25. The step of b, wherein the rotation data in the second set of image information indicates that the specific face of the animation image is located in a first direction. 24. The video synthesizing method according to claim 23, wherein the searched reference video is searched from the plurality of digital reference videos, and the optimum synthesized video is output using the searched reference video.

26. An image synthesizing apparatus for synthesizing a predetermined still image and a target image in a video frame, wherein the predetermined still image and the target image each include a plurality of pixels, Video extracting means for extracting the target image from an image medium having a frame and determining a first set of image information and a second set of image information for the extracted target image; and a digital reference from the predetermined stop image. First synthesizing means for extracting an image, synthesizing the digital reference image based on the second set of image information through coordinate movement and pixel interpolation to generate a synthesized image, and the target image in the image frame.
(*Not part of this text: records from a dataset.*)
(* Let $d\ge3$, $n\ge1$, $0\le c<\frac{1}{d(d-1)}$, and let $$\rho(c,0)=\Big(\frac1{2d}-\frac{d-1}2c\Big)\sum_{i=0}^{d-1}|ii\rangle\langle ii|+\frac1{d(d-1)}\sum_{i<j}|\psi^-_{ij}\rangle\langle\psi^-_{ij}|+c\sum_{i<j}|\psi^+_{ij}\rangle\langle\psi^+_{ij}|.$$ Then the null space of $(\rho(c,0)^{PT})^{\otimes n}$ contains no nonzero vector of Schmidt rank less than three of the form $$|\psi\rangle=\sum_{i_1,\dots,i_n=0}^{d-1}a_{i_1\dots i_n}|\Phi_{i_1}\rangle\otimes\cdots\otimes|\Phi_{i_n}\rangle,$$ where $|\Phi_k\rangle=\frac1{\sqrt d}\sum_{j=0}^{d-1}e^{2\pi ijk/d}|jj\rangle$.
   Context: $|\psi^{\pm}_{ij}\rangle=\frac1{\sqrt2}(|ij\rangle\pm|ji\rangle)$, sums over $0\le i<j\le d-1$. $\rho^{PT}$ is the partial transpose on the second factor of $\mathbb{C}^d\otimes\mathbb{C}^d$. The $n$-fold tensor product acts on $(\mathbb{C}^d\otimes\mathbb{C}^d)^{\otimes n}$, regarded as a bipartite space $(\mathbb{C}^d)^{\otimes n}_A\otimes(\mathbb{C}^d)^{\otimes n}_B$ with the first factor of each copy belonging to $A$; Schmidt rank is with respect to this bipartition. *)

From HB Require Import structures.
From mathcomp Require Import all_boot all_order all_algebra.
From mathcomp Require Import all_classical all_reals all_analysis.
From mathcomp Require Import complex.
Set Implicit Arguments. Unset Strict Implicit. Unset Printing Implicit Defensive.
Import Order.TTheory GRing.Theory Num.Theory.
Local Open Scope ring_scope.
Local Open Scope complex_scope.

Section Defs.
Variable R : realType.
Local Notation C := R[i].
Variable d : nat.

(* basis index of C^d (x) C^d : pairs (i,j) standing for |ij> *)
Definition ket2 := ('I_d * 'I_d)%type.

Definition e2 (i j : 'I_d) : ket2 -> C := fun x => ((x.1 == i) && (x.2 == j))%:R.

Definition invsqrt2 : C := ((Num.sqrt (2 : R))^-1)%:C.

Definition psi_plus (i j : 'I_d) : ket2 -> C := fun x => invsqrt2 * (e2 i j x + e2 j i x).
Definition psi_minus (i j : 'I_d) : ket2 -> C := fun x => invsqrt2 * (e2 i j x - e2 j i x).

Definition outer (u v : ket2 -> C) : ket2 -> ket2 -> C :=
  fun x y => u x * Num.conj (v y).

Definition rho (c : R) : ket2 -> ket2 -> C := fun x y =>
  ((1 / (2 * d%:R) - (d%:R - 1) / 2 * c)%:C * \sum_(i < d) outer (e2 i i) (e2 i i) x y)
  + ((1 / (d%:R * (d%:R - 1)) : R)%:C *
      \sum_(i < d) \sum_(j < d | (i < j)%N) outer (psi_minus i j) (psi_minus i j) x y)
  + (c%:C * \sum_(i < d) \sum_(j < d | (i < j)%N) outer (psi_plus i j) (psi_plus i j) x y).

(* partial transpose on the second tensor factor:
   <ij| M^PT |kl> = <il| M |kj> *)
Definition ptrans (M : ket2 -> ket2 -> C) : ket2 -> ket2 -> C :=
  fun x y => M (x.1, y.2) (y.1, x.2).

Variable n : nat.

(* basis index of (C^d (x) C^d)^{(x) n}, regarded as (C^d)^{(x)n}_A (x) (C^d)^{(x)n}_B:
   an A-multi-index and a B-multi-index (first factor of copy t -> A, second -> B) *)
Definition idxA := {ffun 'I_n -> 'I_d}.
Definition idx := (idxA * idxA)%type.

Definition tpow (M : ket2 -> ket2 -> C) : idx -> idx -> C := fun x y =>
  \prod_(t < n) M (x.1 t, x.2 t) (y.1 t, y.2 t).

Definition in_null (M : idx -> idx -> C) (psi : idx -> C) : Prop :=
  forall x, \sum_(y : idx) M x y * psi y = 0.

(* Schmidt rank w.r.t. the A|B bipartition: rank of the coefficient matrix psi(a,b) *)
Definition schmidt_rank (psi : idx -> C) : nat :=
  \rank (\matrix_(a < #|idxA|, b < #|idxA|) psi (enum_val a, enum_val b)).

Definition omega : C := cos (2 * pi / d%:R) +i* sin (2 * pi / d%:R).

Definition Phi (k : 'I_d) : ket2 -> C := fun x =>
  ((Num.sqrt (d%:R : R))^-1)%:C * \sum_(j < d) omega ^+ (j * k) * e2 j j x.
(* Let $N\ge 1$ be an integer, let $\Gamma$ be (the image in $\mathrm{PSL}_2(\mathbf{Z})$ of) $\Gamma_0(N)$, and let $c$ be the complex conjugation $c(z)=1/(N\bar z)$ of the upper half-plane. Then $(\Gamma,c)$ is a real Fuchsian group, and for every $\gamma\in\Gamma$ admissible with respect to $c$, the locus $C_\gamma$ contains a cusp if and only if $N$ is a perfect square.
   Context: $\mathfrak{h}$ is the upper half-plane; $\Gamma_0(N)$ is the group of matrices in $\mathrm{SL}_2(\mathbf{Z})$ with lower-left entry divisible by $N$; its cusps are the points of $\mathbf{Q}\mathbf{P}^1$ and $\mathfrak{h}^*=\mathfrak{h}\cup\mathbf{Q}\mathbf{P}^1$. For $\gamma\in\mathrm{PSL}_2(\mathbf{R})$, $\gamma^c=c\gamma c$; here $c=c_0\tau$ with $c_0(x+iy)=-x+iy$ and $\tau=\begin{pmatrix}0&-1/\sqrt N\\ \sqrt N&0\end{pmatrix}$, which normalizes $\Gamma_0(N)$, so $\Gamma^c=\Gamma$. An element $\gamma\in\Gamma$ is admissible if $\gamma^c=\gamma^{-1}$ (equivalently, $\gamma=\begin{pmatrix}a&b\\c'&d\end{pmatrix}$ with $c'=-Nb$). $C_\gamma=\{z\in\mathfrak{h}^*:\gamma z=cz\}$, where $c$ is extended to $\mathbf{R}\mathbf{P}^1$ by the same formula. *)

From HB Require Import structures.
From mathcomp Require Import all_boot all_order all_algebra.
From mathcomp Require Import complex reals.
Set Implicit Arguments. Unset Strict Implicit. Unset Printing Implicit Defensive.
Import Order.TTheory GRing.Theory Num.Theory.
Local Open Scope ring_scope.
Local Open Scope complex_scope.

Section Defs.
Variable R : realType.

Definition hpl (z : R[i]) : Prop := 0 < Im z.

Definition mob (a b c d : int) (z : R[i]) : R[i] :=
  (a%:~R * z + b%:~R) / (c%:~R * z + d%:~R).

Definition cconj (N : nat) (z : R[i]) : R[i] := 1 / (N%:R * z^*).

(* RP^1 = R u {oo}, with None = oo *)
Definition mobP (a b c d : int) (p : option R) : option R :=
  match p with
  | None => if c == 0 then None else Some (a%:~R / c%:~R)
  | Some x => if c%:~R * x + d%:~R == 0 then None
              else Some ((a%:~R * x + b%:~R) / (c%:~R * x + d%:~R))
  end.

Definition cconjP (N : nat) (p : option R) : option R :=
  match p with
  | None => Some 0
  | Some x => if x == 0 then None else Some (1 / (N%:R * x))
  end.

(* the cusps QP^1 embedded in RP^1 *)
Definition cusp_pt (q : option rat) : option R :=
  match q with None => None | Some r => Some (ratr r) end.

Definition inGamma0 (N : nat) (a b c d : int) : Prop :=
  a * d - b * c = 1 /\ (N%:Z %| c)%Z.

(* gamma^c = c gamma c equals gamma^{-1} = [[d,-b],[-c,a]] as maps of h
   (equality in PSL_2(R), which acts faithfully on h) *)
Definition admissible (N : nat) (a b c d : int) : Prop :=
  forall z, hpl z -> cconj N (mob a b c d (cconj N z)) = mob d (- b) (- c) a z.

Definition C_has_cusp (N : nat) (a b c d : int) : Prop :=
  exists q : option rat, mobP a b c d (cusp_pt q) = cconjP N (cusp_pt q).

Definition real_fuchsian (N : nat) : Prop :=
  (forall z, hpl z -> hpl (cconj N z)) /\
  (forall z, hpl z -> cconj N (cconj N z) = z) /\
  (forall a b c d, inGamma0 N a b c d ->
     exists a' b' c' d', inGamma0 N a' b' c' d' /\
       forall z, hpl z -> cconj N (mob a b c d (cconj N z)) = mob a' b' c' d' z).

End Defs.

From HB Require Import structures.
From mathcomp Require Import all_boot all_order all_algebra.
From mathcomp Require Import complex reals.
From mathcomp Require Import ring lra zify.
Set Implicit Arguments. Unset Strict Implicit. Unset Printing Implicit Defensive.
Import Order.TTheory GRing.Theory Num.Theory.
Local Open Scope ring_scope.
Local Open Scope complex_scope.

(* For gamma = [[a, b], [kN, d]] one computes c gamma c = [[d, k], [bN, a]], again in
   Gamma_0(N), so (Gamma, c) is a real Fuchsian group.  Comparing c gamma c with
   gamma^-1 = [[d, -b], [-kN, a]] at the points it of the imaginary axis forces k = -b,
   so gamma = [[a, b], [-bN, d]] with ad + Nb^2 = 1.  A real x <> 0 lies on C_gamma iff
   Nx(ax + b) = -bNx + d, and by the determinant condition
     (Nax + Nb)^2 - N = Na (Nx(ax + b) + bNx - d).
   Hence a rational point of C_gamma gives a rational, thus integral, square root of N;
   conversely if N = m^2 and a <> 0, the point (+-m - Nb)/(Na) lies on C_gamma.  The
   cusps 0 and oo lie on C_gamma only when ad = 0, which forces Nb^2 = 1, hence N = 1;
   for a = 0 the cusp oo does lie on C_gamma. *)

Lemma unimodular_neq0 (S : nzRingType) (x y u v : S) :
  x * y - u * v = 1 -> (u != 0) || (x != 0).
Proof.
apply: contra_eqT; rewrite negb_or !negbK => /andP[/eqP-> /eqP->].
by rewrite !mul0r subrr eq_sym oner_eq0.
Qed.

Section ConjugationAction.
Variables (R : realType) (N : nat).
Hypothesis N_gt0 : (0 < N)%N.

Lemma hplE (z : R[i]) : hpl z <-> 0 < complex.Im z.
Proof. by rewrite /hpl -complexIm -[0 : R[i]]/((0 : R)%:C) ltcR. Qed.

Lemma hpl_neq0 (z : R[i]) : hpl z -> z != 0.
Proof.
case: z => x y; rewrite hplE /= => y_gt0.
by apply/eqP => -[_ y0]; rewrite y0 ltxx in y_gt0.
Qed.

Lemma hpl_cconj (z : R[i]) : hpl z -> hpl (cconj N z).
Proof.
case: z => x y; rewrite !hplE /cconj /= => y_gt0.
have -> : (N%:R : R[i]) = (N%:R : R) +i* 0 by rewrite complexr0 rmorph_nat.
simpc => /=.
have N_gt0R : 0 < (N%:R : R) by rewrite ltr0n.
apply: divr_gt0; first by rewrite mulr_gt0.
by rewrite sqrrN ltr_wpDl ?sqr_ge0 // exprn_gt0 // mulr_gt0.
Qed.

Lemma cconjK (z : R[i]) : hpl z -> cconj N (cconj N z) = z.
Proof.
move=> /hpl_neq0 z_neq0; have N_neq0 : (N%:R : R[i]) != 0 by rewrite pnatr_eq0 -lt0n.
rewrite /cconj fmorph_div rmorph1 rmorphM rmorph_nat /= conjCK.
by field; rewrite z_neq0 N_neq0.
Qed.

Lemma cconj_mob (a b k d : int) (z : R[i]) : z != 0 ->
  cconj N (mob a b (k * N%:Z) d (cconj N z)) = mob d k (b * N%:Z) a z.
Proof.
move=> z_neq0; have N_neq0 : (N%:R : R[i]) != 0 by rewrite pnatr_eq0 -lt0n.
rewrite /cconj /mob fmorph_div !rmorphD !rmorphM !rmorph_int rmorph1 /= !mul1r.
rewrite fmorphV rmorphM rmorph_nat /= conjCK -[(N%:Z)%:~R]/(N%:R : R[i]).
have -> : k%:~R * N%:R * (N%:R * z)^-1 + d%:~R = (d%:~R * z + k%:~R) / z.
  by field; rewrite z_neq0 N_neq0.
rewrite mulrA.
have -> : N%:R * (a%:~R * (N%:R * z)^-1 + b%:~R) = (b%:~R * N%:R * z + a%:~R) / z.
  by field; rewrite z_neq0 N_neq0.
by rewrite invf_div invf_div mulrA divfK.
Qed.

Lemma real_fuchsian_Gamma0 : real_fuchsian R N.
Proof.
split; [exact: hpl_cconj | split; first exact: cconjK].
move=> a b c d [det /dvdzP[k c_eq]]; subst c.
exists d, k, (b * N%:Z), a; split.
  by split; [rewrite -det; ring | exact: dvdz_mull].
by move=> z /hpl_neq0; apply: cconj_mob.
Qed.

Lemma intr_complex (n : int) : (n%:~R : R[i]) = (n%:~R : R) +i* 0.
Proof. by rewrite complexr0 rmorph_int. Qed.

Lemma mob_denom_neq0 (c d : int) (z : R[i]) : hpl z -> (c != 0) || (d != 0) ->
  c%:~R * z + d%:~R != 0.
Proof.
case: z => x y; rewrite hplE /= => y_gt0 cd_neq0.
rewrite !intr_complex; simpc; apply/eqP => -[cx_d cy].
have c0 : c = 0 by move/eqP: cy; rewrite mulf_eq0 (gt_eqF y_gt0) orbF intr_eq0 => /eqP.
move: cx_d cd_neq0; rewrite c0 mul0r add0r => /eqP; rewrite intr_eq0 => /eqP ->.
by rewrite eqxx.
Qed.

Lemma admissible_imaginary_axis (a b k d : int) (t : R) :
  a * d - b * (k * N%:Z) = 1 -> admissible R N a b (k * N%:Z) d -> 0 < t ->
  ((k + b) * a)%:~R + ((k + b) * d * N%:Z)%:~R * t ^+ 2 = 0 :> R.
Proof.
move=> det adm t_gt0; have it_hpl : hpl (0 +i* t) by rewrite hplE.
have denl : (b * N%:Z)%:~R * (0 +i* t) + a%:~R != 0.
  by apply: mob_denom_neq0 => //; apply: (@unimodular_neq0 _ _ d _ k); rewrite -det; ring.
have denr : (- (k * N%:Z))%:~R * (0 +i* t) + a%:~R != 0.
  by apply: mob_denom_neq0 => //; apply: (@unimodular_neq0 _ _ d _ (- b)); rewrite -det; ring.
have := adm _ it_hpl; rewrite cconj_mob ?hpl_neq0 // /mob => /eqP.
rewrite eqr_div // !intr_complex; simpc => /eqP[re _].
by move: re; rewrite !(intrM, intrD, intrN) => re; lra.
Qed.

Lemma admissible_lower_left (a b k d : int) :
  a * d - b * (k * N%:Z) = 1 -> admissible R N a b (k * N%:Z) d -> k = - b.
Proof.
move=> det adm.
have at1 := admissible_imaginary_axis det adm ltr01.
have at2 := admissible_imaginary_axis det adm (ltr0Sn R 1).
have kb_a : (k + b) * a = 0 by apply/eqP; rewrite -(intr_eq0 R); apply/eqP; lra.
have kb_dN : (k + b) * d * N%:Z = 0 by apply/eqP; rewrite -(intr_eq0 R); apply/eqP; lra.
have [/eqP|kb_neq0] := eqVneq (k + b) 0; first by rewrite addr_eq0 => /eqP.
have a0 : a = 0 by move/eqP: kb_a; rewrite mulf_eq0 (negbTE kb_neq0) => /eqP.
have d0 : d = 0.
  by move/eqP: kb_dN; rewrite !mulf_eq0 (negbTE kb_neq0) /= => /orP[/eqP | /eqP]; lia.
have bkN : (- b * k) * N%:Z = 1 by rewrite -det a0 d0; ring.
have N1 : N = 1%N by move/(congr1 absz)/eqP: bkN; rewrite abszM muln_eq1 => /andP[_ /eqP].
(* the inverse of a unit of [int] is the unit itself, definitionally *)
by move: bkN; rewrite N1 mulr1 => /mulr1_eq <-.
Qed.

End ConjugationAction.

Lemma rat_sqr_natr (n : nat) (s : rat) : s ^+ 2 = n%:R -> exists m : nat, n = (m ^ 2)%N.
Proof.
move=> s2n.
have num2 : numq s ^+ 2 = n%:Z * denq s ^+ 2.
  apply: (@intr_inj rat); rewrite rmorphXn rmorphM rmorphXn /=.
  by rewrite -[(n%:Z)%:~R]/(n%:R : rat) -s2n -exprMn numqE.
have num2N : (`|numq s| ^ 2 = n * `|denq s| ^ 2)%N.
  by rewrite -abszX num2 abszM abszX.
have den_coprime : coprime `|denq s| (`|numq s| ^ 2).
  by apply: coprimeXr; rewrite coprime_sym coprime_num_den.
have : (`|denq s| %| `|numq s| ^ 2)%N by rewrite num2N (expnS _ 1) mulnCA dvdn_mulr.
move/gcdn_idPl; move/eqP: den_coprime => -> den1.
by exists `|numq s|%N; rewrite num2N -den1 muln1.
Qed.

Section Cusps.
Variables (R : realType) (N : nat) (a b d : int).
Hypothesis N_gt0 : (0 < N)%N.
Hypothesis det : a * d + b ^+ 2 * N%:Z = 1.

Lemma N_eq1_of_ad0 : a * d = 0 -> N = 1%N.
Proof.
move=> ad0; move: det; rewrite ad0 add0r.
by move/(congr1 absz)/eqP; rewrite abszM muln_eq1 => /andP[_ /eqP].
Qed.

Lemma C_pointE (x : R) : x != 0 ->
  mobP a b (- b * N%:Z) d (Some x) = cconjP N (Some x) <->
  N%:R * x * (a%:~R * x + b%:~R) = (- b * N%:Z)%:~R * x + d%:~R.
Proof.
move=> x_neq0; rewrite /= (negbTE x_neq0).
have N_neq0 : (N%:R : R) != 0 by rewrite pnatr_eq0 -lt0n.
have detR : a%:~R * ((- b * N%:Z)%:~R * x + d%:~R)
            - (- b * N%:Z)%:~R * (a%:~R * x + b%:~R) = 1 :> R.
  by rewrite -[RHS](congr1 intr det) !(intrD, intrM, intrN, rmorphXn); ring.
case: ifP => [/eqP D0 | /negbT D_neq0].
  split=> // ND.
  have axb0 : a%:~R * x + b%:~R = 0.
    by move/eqP: ND; rewrite D0 !mulf_eq0 (negbTE N_neq0) (negbTE x_neq0) => /eqP.
  by move/eqP: detR; rewrite D0 axb0 !mulr0 subr0 eq_sym oner_eq0.
transitivity ((a%:~R * x + b%:~R) / ((- b * N%:Z)%:~R * x + d%:~R) == 1 / (N%:R * x)).
  by split=> [[->] | /eqP ->].
by rewrite eqr_div ?mulf_neq0 // mul1r mulrC; split=> /eqP.
Qed.

Lemma C_point_quadratic (x : R) :
  (N%:R * a%:~R * x + N%:R * b%:~R) ^+ 2 - N%:R
  = N%:R * a%:~R * (N%:R * x * (a%:~R * x + b%:~R) - ((- b * N%:Z)%:~R * x + d%:~R)).
Proof.
have detR : a%:~R * d%:~R + b%:~R ^+ 2 * N%:R = 1 :> R.
  rewrite -[RHS](congr1 intr det) intrD !intrM -[(N%:Z)%:~R]/(N%:R : R); ring.
transitivity ((N%:R * a%:~R * x + N%:R * b%:~R) ^+ 2
               - N%:R * (a%:~R * d%:~R + b%:~R ^+ 2 * N%:R)); first by rewrite detR mulr1.
rewrite intrM intrN -[(N%:Z)%:~R]/(N%:R : R); ring.
Qed.

Lemma C_has_cusp_sqr : C_has_cusp R N a b (- b * N%:Z) d -> exists m : nat, N = (m ^ 2)%N.
Proof.
have N1_sqr : N = 1%N -> exists m : nat, N = (m ^ 2)%N by move->; exists 1%N.
case=> -[r|]; last first.
  rewrite /=; case: ifP => // /negbT c_neq0 [/eqP].
  rewrite mulf_eq0 invr_eq0 !intr_eq0 (negbTE c_neq0) orbF => /eqP a0.
  by apply/N1_sqr/N_eq1_of_ad0; rewrite a0 mul0r.
have [x0 | x_neq0] := eqVneq (ratr r : R) 0.
  rewrite /= x0 eqxx mulr0 add0r; case: ifP => // + _; rewrite intr_eq0 => /eqP d0.
  by apply/N1_sqr/N_eq1_of_ad0; rewrite d0 mulr0.
move/(C_pointE x_neq0) => fixed.
have sqrR : (N%:R * a%:~R * ratr r + N%:R * b%:~R) ^+ 2 = N%:R :> R.
  by apply/eqP; rewrite -subr_eq0 C_point_quadratic fixed subrr mulr0.
apply: (@rat_sqr_natr _ (N%:R * a%:~R * r + N%:R * b%:~R)).
apply: (fmorph_inj (ratr : {rmorphism rat -> R})).
by rewrite rmorphXn rmorphD !rmorphM !rmorph_int !rmorph_nat.
Qed.

Lemma C_has_cusp_of_sqr (m : nat) : N = (m ^ 2)%N -> C_has_cusp R N a b (- b * N%:Z) d.
Proof.
move=> N_sqr; have [a0 | a_neq0] := eqVneq a 0.
  have b_neq0 : b != 0 by apply/eqP => b0; move: det; rewrite a0 b0; lia.
  have c_neq0 : - b * N%:Z != 0 by rewrite mulf_neq0 ?oppr_eq0 //; lia.
  by exists None => /=; rewrite (negbTE c_neq0) a0 mul0r.
have [s s2 s_neq] : exists2 s : int, s ^+ 2 = N%:Z & s != N%:Z * b.
  have m2 : m%:Z ^+ 2 = N%:Z by rewrite N_sqr; lia.
  have [mNb | mNb] := eqVneq (m%:Z) (N%:Z * b); last by exists m%:Z.
  exists (- m%:Z); rewrite ?sqrrN // -mNb; move: N_gt0; rewrite N_sqr; lia.
pose q : rat := (s - N%:Z * b)%:~R / (N%:Z * a)%:~R.
have Na_neq0 : (N%:R * a%:~R : R) != 0 by rewrite mulf_neq0 ?intr_eq0 // pnatr_eq0 -lt0n.
have qE : ratr q = (s%:~R - N%:R * b%:~R) / (N%:R * a%:~R) :> R.
  by rewrite /q fmorph_div !rmorph_int intrB !intrM.
have q_neq0 : ratr q != 0 :> R.
  by rewrite qE mulf_neq0 ?invr_eq0 // subr_eq0 -[N%:R]/((N%:Z)%:~R : R) -intrM eqr_int.
have Nq : N%:R * a%:~R * ratr q + N%:R * b%:~R = s%:~R :> R.
  by rewrite qE mulrC divfK // subrK.
exists (Some q); apply/(C_pointE q_neq0).
have := C_point_quadratic (ratr q).
rewrite Nq -rmorphXn s2 subrr => /esym/eqP.
by rewrite mulf_eq0 (negbTE Na_neq0) subr_eq0 => /eqP.
Qed.

End Cusps.

Theorem proposition6p5 (R : realType) (N : nat) :
  (0 < N)%N ->
  real_fuchsian R N /\
  (forall a b c d : int, inGamma0 N a b c d -> admissible R N a b c d ->
     (C_has_cusp R N a b c d <-> exists m : nat, N = (m ^ 2)%N)).
Proof.
move=> N_gt0; split; first exact: real_fuchsian_Gamma0.
move=> a b c d [det /dvdzP[k c_eq]]; subst c => adm.
have k_eq : k = - b := admissible_lower_left N_gt0 det adm.
have det_b : a * d + b ^+ 2 * N%:Z = 1 by rewrite -det k_eq; ring.
rewrite k_eq; split; first exact: C_has_cusp_sqr.
by case=> m; apply: C_has_cusp_of_sqr.
Qed.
Second combining means for replacing the combined image with the combined image, wherein the first set of image information surrounds the target image. It has data and the center coordinates, the image synthesizing apparatus according to claim video information of the second set to have the characteristic data of the principal components surrounding element regions data and each component in the target image.

27. The video synthesizing apparatus according to claim 26, wherein the video medium is an animation video, and the target video is a face of a characteristic person in the animation video.

28. An image synthesizing apparatus for synthesizing a predetermined still image and a target image in a video frame, wherein the predetermined still image and the target image each include a plurality of pixels, Video extracting means for extracting a desired target image from an image medium having a frame, extracting a first set of image information and a second set of image information for the extracted target image, and from a plurality of the predetermined stop areas Optimum synthesized video by retrieving and storing a plurality of said digital reference videos, and searching and synthesizing from said plurality of digital reference videos a digital reference video to be optimally referenced to said second set of video information And a second synthesizing unit that replaces the target video in the video frame with the synthesized video. Wherein the first set of image information has area data and center coordinates surrounding the target image, and the second set of image information has element area data surrounding main components in the target image and characteristics of each element. A video synthesizing device having data.

29. The apparatus according to claim 27, wherein the image medium is an animation image, and the target image is a face of a characteristic person in the animation image.